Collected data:
----------

Lemma el_loglik_convex th1 th2 (t : R) : Th th1 -> Th th2 -> 0 <= t <= 1 ->
  l (t *: th1 + (1 - t) *: th2) <= t * l th1 + (1 - t) * l th2.
Proof.
move=> h1 h2 /andP[t0 t1].
have [->|tn0] := eqVneq t 0; first by rewrite scale0r add0r subr0 scale1r mul0r add0r mul1r.
have [->|tn1] := eqVneq t 1; first by rewrite subrr scale0r addr0 scale1r mul0r addr0 mul1r.
have t01 : 0 < t < 1 by rewrite lt0r tn0 t0 lt_neqAle tn1 t1.
have := ln_el_ratio_concave h1 h2 t01; rewrite /el_loglik; nra.
Qed.

Lemma sample_mean_comb x (t : R) : t *: x + (1 - t) *: m = m + t *: (x - m).
Proof. by rewrite scalerBl scale1r scalerBr addrCA. Qed.

Hypothesis Theta_neq0 : Th !=set0.

Lemma Theta_shrink th (s : R) : Th th -> 0 <= s <= 1 -> Th (m + s *: (th - m)).
Proof.
move=> hth hs; rewrite -sample_mean_comb.
exact: Theta_convex hth (Theta_sample_mean Theta_neq0) hs.
Qed.

Lemma el_loglik_shrink th (s : R) : Th th -> 0 <= s <= 1 -> l (m + s *: (th - m)) <= s * l th.
Proof.
move=> hth hs; rewrite -sample_mean_comb.
apply: le_trans (el_loglik_convex hth (Theta_sample_mean Theta_neq0) hs) _.
by rewrite el_loglik_sample_mean mulr0 addr0.
Qed.

Lemma feasible_weight_ge th w i : el_feasible X th w -> \prod_j (N * w j) / N ^+ n.+1 <= w i.
Proof.
move=> hw; have [w0 w1 _] := (el_feasibleE th w).1 hw.
have xN j : 0 <= N * w j <= N.
  by rewrite mulr_ge0 ?(ltW nR_gt0) //= ler_piMr ?(ltW nR_gt0) ?weight_le1.
rewrite ler_pdivrMr ?exprn_gt0 ?nR_gt0 // exprS mulrA [w i * N]mulrC.
by have := prod_le_factor_expn i nR_ge1 xN; rewrite card_ord.
Qed.

Lemma el_loglik_bounded_ball (L : R) :
  exists2 rho, 0 < rho & forall th, Th th -> l th <= L -> ball th rho `<=` hull.
Proof.
have [c /nbhs_ballP[r r0 cA]] := Theta_neq0.
set a := expR (- L / 2); have a2 : 0 < a / 2 by rewrite divr_gt0 ?expR_gt0.
set e := a / 2 / N ^+ n.+1; have e0 : 0 < e by rewrite divr_gt0 ?exprn_gt0 ?nR_gt0.
exists (e / (1 + e) * r) => [|th hth hl]; first by rewrite mulr_gt0 // divr_gt0 // addr_gt0.
have aR : a <= el_ratio X th.
  rewrite -[el_ratio X th]lnK ?posrE ?el_ratio_gt0 // ler_expR.
  by move: hl; rewrite /el_loglik; lra.
have Rsup : has_sup (el_products th).
  by split; [exact: el_products_neq0 (Theta_hull hth) | exact: el_products_ub].
have [_ [w [hw ->]] pw] := sup_adherent a2 Rsup; rewrite -el_ratioE in pw.
have [_ w1 ->] := (el_feasibleE th w).1 hw.
apply: conv_hull_ball_weights r0 cA e0 _ w1 => i.
apply: le_trans (feasible_weight_ge i hw); rewrite ler_pM2r ?invr_gt0 ?exprn_gt0 ?nR_gt0 //.
lra.
Qed.

Lemma ler_gamma_factor (x y : R) : (gamma_factor n x <= gamma_factor n y) = (x <= y).
Proof. by rewrite /gamma_factor lerD2l ler_pM2r // invr_gt0 mulr_gt0 ?nR_gt0. Qed.

Lemma gamma_factor_ge1 (x : R) : 0 <= x -> 1 <= gamma_factor n x.
Proof. by move=> x0; rewrite /gamma_factor lerDl divr_ge0 // mulr_ge0 // ltW ?nR_gt0. Qed.

Section Ray.
Variable u : 'rV[R]_d.
Local Notation ray_in t := (Th (m + t *: u)).
Local Notation f t := (l (m + t *: u)).

Lemma ray_rescale (s t : R) : t != 0 -> m + s / t *: ((m + t *: u) - m) = m + s *: u.
Proof. by move=> tn0; rewrite addrAC subrr add0r scalerA divfK. Qed.

Lemma ray_comb (a s t : R) :
  a *: (m + s *: u) + (1 - a) *: (m + t *: u) = m + (a * s + (1 - a) * t) *: u.
Proof. by rewrite !scalerDr !scalerA addrACA -!scalerDl [a + _]addrC subrK scale1r. Qed.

----------

### Work task
Up to and including the final line of the data above, please copy every line exactly, starting from the one that contains "Lemma ray_comb (a".

### Reply to the task
Lemma ray_comb (a s t : R) :
  a *: (m + s *: u) + (1 - a) *: (m + t *: u) = m + (a * s + (1 - a) * t) *: u.
Proof. by rewrite !scalerDr !scalerA addrACA -!scalerDl [a + _]addrC subrK scale1r. Qed.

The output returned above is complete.